The aged pension is already the largest expenditure item in the Federal Budget at $45 billion annually, and if nothing changes, it is forecast to blow out to $51 billion by 2020.
The report said raising workplace engagement among older workers was an effective way to offset negative economic impacts of an ageing population. RAI chief executive Jack Archer said attitudes towards older workers needed to change or regions risked stagnating, with older workers often facing discrimination. .
"Frankly (regions will) struggle to grow and they will be increasingly reliant on government benefits for local incomes," Mr Archer said.
"They risk losing their independence if too much of the population relies on the pension.
"I think the starting point at the moment is that you're better off having younger workers ... it's all part of a broader, costly attitude in society about what older Australians can bring to society.
"Maybe that's an overhang from when jobs were more likely to be highly physical."
The report said if older employment increased across regions like Hume, spending in those local economies could be boosted by $30 million each. Age Discrimination Commissioner Kay Patterson said many older Australians who were willing to work were often overlooked as candidates.
"It is important that society push back against discrimination, and allow older people a place in the national workforce so they too can enjoy the dignity, purpose and independence that work brings," she said.
Mr Archer called on governments to engage in more comprehensive regional trials of incentives, tailored to specific regions, which would better engage people in the 55-64 year old age group.
He said employment services could prioritise older workers and schemes such as pensions work bonus should be considered, as well as testing rules around superannuation.

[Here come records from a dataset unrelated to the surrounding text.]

Lemma grid_count_le_log L al : 3 <= L -> 1 < al <= 3 ->
  L / (2 * sqrt (1 - / al)) + 2 <= 2 * (L / ln al).
Proof.
  intros HL Hal.
  set (r := sqrt al). set (p := sqrt (al - 1)).
  assert (Hr : r * r = al) by (apply sqrt_sqrt; lra).
  assert (Hp : p * p = al - 1) by (apply sqrt_sqrt; lra).
  assert (Hp0 : 0 < p) by (apply sqrt_lt_R0; lra).
  assert (Hr1 : 1 < r) by (assert (0 <= r) by apply sqrt_pos; nra).
  assert (Hd : sqrt (1 - / al) = p / r).
  { apply sqrt_lem_1.
    - rewrite <- Hr. apply Rmult_le_reg_r with (r * r); [nra|].
      rewrite Rmult_minus_distr_r, Rinv_l, Rmult_0_l by nra. nra.
    - apply Rmult_le_pos; [lra | apply Rlt_le, Rinv_0_lt_compat; lra].
    - rewrite <- Hr. field_simplify; [|lra..]. replace (p ^ 2) with (r ^ 2 - 1) by (simpl; lra).
      reflexivity. }
  assert (Hln : ln al = 2 * ln r) by (rewrite <- Hr, ln_mult by lra; ring).
  assert (Hlr : ln r <= r - 1) by (pose proof (exp_ineq1_le (ln r)); rewrite exp_ln in *; lra).
  assert (Hlr0 : 0 < ln r) by (rewrite <- ln_1; apply ln_increasing; lra).
  rewrite Hd, Hln.
  replace (L / (2 * (p / r))) with (L * r / (2 * p)) by (field; lra).
  apply Rle_trans with (L / (r - 1)); [apply grid_count_le_log_aux; nra|].
  replace (2 * (L / (2 * ln r))) with (L / ln r) by (field; lra).
  unfold Rdiv. apply Rmult_le_compat_l; [lra|]. apply Rinv_le_contravar; lra.
Qed.

Lemma grid_count_le_horizon L : 3 <= L ->
  (L / (2 * / sqrt (zeta * L)) + 2) * exp 1 <= 2 * exp L.
Proof.
  intros HL. unfold zeta.
  pose proof (sqrt_sqrt (6/5 * L) ltac:(lra)) as Hs.
  pose proof (sqrt_lt_R0 (6/5 * L) ltac:(lra)) as Hs0.
  set (s := sqrt (6/5 * L)) in *.
  replace (L / (2 * / s)) with (L * s / 2) by (field; lra).
  assert (Hs1 : s <= (6/5 * L + 1) / 2) by nra.
  pose proof (exp_ge_taylor L 3 ltac:(lra)) as Htaylor. simpl in Htaylor.
  pose proof exp_le_3.
  apply Rle_trans with ((L * s / 2 + 2) * 3); [apply Rmult_le_compat_l; nra|].
  nra.
Qed.

Lemma ln_ge_3 t : (27 <= t)%nat -> 3 <= ln (INR t).
Proof.
  intros Ht. apply (le_INR 27) in Ht. simpl in Ht.
  assert (He3 : exp 3 <= 27).
  { replace 3 with (1 + 1 + 1) by ring. rewrite !exp_plus.
    pose proof exp_le_3. pose proof (exp_pos 1). nra. }
  rewrite <- (ln_exp 3). apply ln_le; [apply exp_pos | lra].
Qed.

Lemma horizon_le_log_scale t : (1 <= t <= 26)%nat -> INR t - 1 <= 133/10 * (zeta * ln (INR t)).
Proof.
  intros Ht. unfold zeta.
  assert (Ht1 : INR 1 <= INR t) by (apply le_INR; lia).
  assert (Ht26 : INR t <= INR 26) by (apply le_INR; lia).
  simpl in Ht1, Ht26.
  set (s := sqrt (INR t)).
  assert (Hs : s * s = INR t) by (apply sqrt_sqrt; lra).
  assert (Hs0 : 0 < s) by (apply sqrt_lt_R0; lra).
  assert (Hln : ln (INR t) = 2 * ln s) by (rewrite <- Hs, ln_mult by exact Hs0; ring).
  assert (Hsln : s - 1 <= s * ln s).
  { pose proof (exp_ineq1_le (- ln s)) as Hexp.
    rewrite exp_Ropp, exp_ln in Hexp by exact Hs0.
    apply Rmult_le_compat_l with (r := s) in Hexp; [|lra].
    rewrite Rinv_r in Hexp by lra. lra. }
  assert (Hs1 : 1 <= s) by nra.
  rewrite Hln. apply Rmult_le_reg_l with s; [exact Hs0|].
  nra.
Qed.

Lemma expect_bad_event_small_horizon n E pol w i t :
  valid_policy n E pol -> is_distr n w -> (i < n)%nat -> (1 <= t)%nat -> (t < 27)%nat ->
  expect n pol w (t - 1) [] (bad_event w i t) <= 0.
Proof.
  intros Hpol Hw Hi Ht Hsmall.
  apply Rle_trans with (expect n pol w (t - 1) [] (fun _ => 0)).
  - apply (expect_le_compat n E); [exact Hpol | exact (proj1 Hw)|]. intros tr Hlen.
    destruct (Req_dec (bad_event w i t tr) 0) as [->|Hbad]; [lra | exfalso].
    destruct (bad_event_deviation w i t tr (distr_le_1 n w i Hw Hi) Ht Hbad) as [_ HN].
    pose proof (horizon_le_log_scale t ltac:(lia)).
    assert (INR (Nw i tr) <= INR t - 1).
    { replace (INR t - 1) with (INR (t - 1)) by (rewrite minus_INR by lia; reflexivity).
      apply le_INR. pose proof (Nw_le_length i tr). simpl in Hlen. lia. }
    lra.
  - apply (expect_le_of_supermartingale n E); [exact Hpol | exact (proj1 Hw)|].
    intros tr p s _. rewrite (Rsum_map_ext _ (fun _ => 0)) by (intros; ring).
    rewrite Rsum_map_const. lra.
Qed.

Lemma Rpower_opp_zeta_div t al : 0 < INR t -> 0 < al ->
  Rpower (INR t) (- zeta / al) = exp (- (zeta * ln (INR t) / al)).
Proof. intros Ht Hal. unfold Rpower. f_equal. field. lra. Qed.

Section LargeHorizon.
Variables (n : nat) (E : nat -> nat -> Prop) (pol : policy) (w : nat -> R) (i t : nat) (al : R).
Hypothesis pol_valid : valid_policy n E pol.
Hypothesis w_distr : is_distr n w.
Hypothesis i_lt_n : (i < n)%nat.
Hypothesis t_ge_1 : (1 <= t)%nat.
Hypothesis log_ge_3 : 3 <= ln (INR t).
Hypothesis al_range : 1 < al <= 3.

Lemma expect_bad_event_le_log_term :
  / 2 * expect n pol w (t - 1) [] (bad_event w i t)
  <= ln (INR t) / ln al * Rpower (INR t) (- zeta / al).
Proof.
  set (L := ln (INR t)) in *.
  assert (Hinv : 1/3 <= / al < 1).
  { split; [replace (1/3) with (/3) by field; apply Rinv_le_contravar; lra|].
    rewrite <- Rinv_1. apply Rinv_lt_contravar; lra. }
  set (d := sqrt (1 - / al)).
  assert (Hdd : d * d = 1 - / al) by (apply sqrt_sqrt; lra).
  assert (Hd : 0 < d < 1) by (assert (0 < d) by (apply sqrt_lt_R0; lra); split; nra).
  pose proof (expect_bad_event_le n E pol w i t d pol_valid w_distr i_lt_n t_ge_1
                ltac:(unfold zeta; fold L; lra) Hd) as Hgrid.
  fold L in Hgrid.
  replace (zeta * L * (1 - d ^ 2)) with (zeta * L / al) in Hgrid
    by (simpl; rewrite Rmult_1_r, Hdd; field; lra).
  rewrite Rpower_opp_zeta_div by (solve [apply lt_0_INR; lia | lra]). fold L.
  pose proof (grid_count_le_log L al log_ge_3 al_range) as Hcount. fold d in Hcount.
  pose proof (exp_pos (- (zeta * L / al))).
  nra.
Qed.

Lemma expect_bad_event_le_horizon_term :
  / 2 * expect n pol w (t - 1) [] (bad_event w i t)
  <= INR t * Rpower (INR t) (- zeta / al).
Proof.
  set (L := ln (INR t)) in *.
  assert (Ht0 : 0 < INR t) by (apply lt_0_INR; lia).
  set (a := zeta * L).
  assert (Ha : 36/10 <= a) by (unfold a, zeta; lra).
  assert (Hsa : sqrt a * sqrt a = a) by (apply sqrt_sqrt; lra).
  assert (Hsa1 : 1 < sqrt a) by (assert (0 <= sqrt a) by apply sqrt_pos; nra).
  set (d := / sqrt a).
  assert (Hd : 0 < d < 1).
  { split; [apply Rinv_0_lt_compat; lra|]. rewrite <- Rinv_1. apply Rinv_lt_contravar; lra. }
  pose proof (expect_bad_event_le n E pol w i t d pol_valid w_distr i_lt_n t_ge_1
                ltac:(fold L a; lra) Hd) as Hgrid.
  fold L a in Hgrid.
  assert (Hdd : d * d = / a) by (unfold d; rewrite <- Rinv_mult, Hsa; reflexivity).
  replace (- (a * (1 - d ^ 2))) with (1 + - a) in Hgrid
    by (simpl; rewrite Rmult_1_r, Hdd; field; lra).
  rewrite exp_plus in Hgrid.
  pose proof (grid_count_le_horizon L log_ge_3) as Hcount. fold a d in Hcount.
  assert (HtL : exp L = INR t) by (apply exp_ln; exact Ht0).
  rewrite HtL in Hcount.
  assert (Hexp : exp (- a) <= exp (- (a / al))).
  { apply exp_le_exp. apply Ropp_le_contravar.
    apply Rmult_le_reg_r with al; [lra|]. replace (a / al * al) with a by (field; lra). nra. }
  rewrite Rpower_opp_zeta_div by lra. fold L a.
  pose proof (exp_pos (- a)). pose proof (exp_pos 1).
  assert (0 <= L / (2 * d)) by (apply Rmult_le_pos; [lra | apply Rlt_le, Rinv_0_lt_compat; lra]).
  nra.
Qed.

End LargeHorizon.

Theorem mainTheorem7 :
  forall (n : nat) (E : nat -> nat -> Prop) (pol : policy) (w : nat -> R)
         (i t : nat),
    is_dag n E ->
    valid_policy n E pol ->
    is_distr n w ->
    (i < n)%nat ->
    (1 <= t)%nat ->
    expect n pol w (t - 1) nil (bad_event w i t) <= 2 * beta t.
Proof.
  intros n E pol w i t _ Hpol Hw Hi Ht.
  destruct (le_lt_dec 27 t) as [Hlarge|Hsmall].
  - pose proof (ln_ge_3 t Hlarge) as HL.
    enough (/ 2 * expect n pol w (t - 1) [] (bad_event w i t) <= beta t) by lra.
    apply (beta_is_glb t Ht). intros x [al [Hal ->]].
    pattern (Rmin (ln (INR t) / ln al) (INR t)). apply Rmin_case.
    + exact (expect_bad_event_le_log_term n E pol w i t al Hpol Hw Hi Ht HL Hal).
    + exact (expect_bad_event_le_horizon_term n E pol w i t al Hpol Hw Hi Ht HL Hal).
  - pose proof (expect_bad_event_small_horizon n E pol w i t Hpol Hw Hi Ht Hsmall).
    pose proof (beta_nonneg t Ht). lra.
Qed.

"I think if we can identify a group of older people in the community who would like to work and see how we can connect them to local opportunities," Mr Archer said.
"There's an incredible amount of experience in the 55- 64 age bracket ... we need to know how to tap into that experience and maybe pair them up with younger workers.
"We don't yet know how to deal with the impacts of a really aged workforce.
"We say let's test the options in the places already experiencing the issues, help them to make progress and prepare Australia properly for the wider crisis that is coming nationally."
Experience brings benefits
The Murray region has ranked as one of the highest employers of mature-aged workers, however new information suggests national action needs to be taken to prevent Australia’s pension crisis from worsening in regional areas.
One of the concerns raised in the Aging and work in regional Australia: Pathways for accelerating economic growth conducted by The Regional Australia Institute is the mindset of “unemployability” some employers have about mature aged workers.
Proprietor for Griffith City Hire Garry Rennie has been a strong proponent of hiring mature-aged workers, and speaks about the benefits working seniors bring.
“There was a time where we tended not to consider older guys, for the reason that this can be quite a physically demanding job,” Mr Rennie said.
“(But) mature-aged workers have the skills base, their knowledge is unbeatable, and the know-how they can pass on is highly regarded.”
The report details suggest enabling greater workforce participation among older Australians will take a mix of policies aiming to empower older workers to stay in their jobs for longer.
The report also outlines programs and incentives to help make it “easier for those out of work to take advantage of new opportunities.”
While the report outlines benefits to regional economies, it also details the current disincentives seniors face for working certain hours in regards to superannuation and lack of access to income protection insurance beyond the age of 65.
Despite these disincentives, many mature age workers cannot afford to stop working even after the legal retirement age.
Sixty-four-year-old Charlie Millar, who has been working for Mr Rennie for a year and a half, says he absolutely loves working, but even if he could retire he wouldn’t be able to afford it.
“I’m a long way off retiring, we still have a mortgage to pay off,” he said.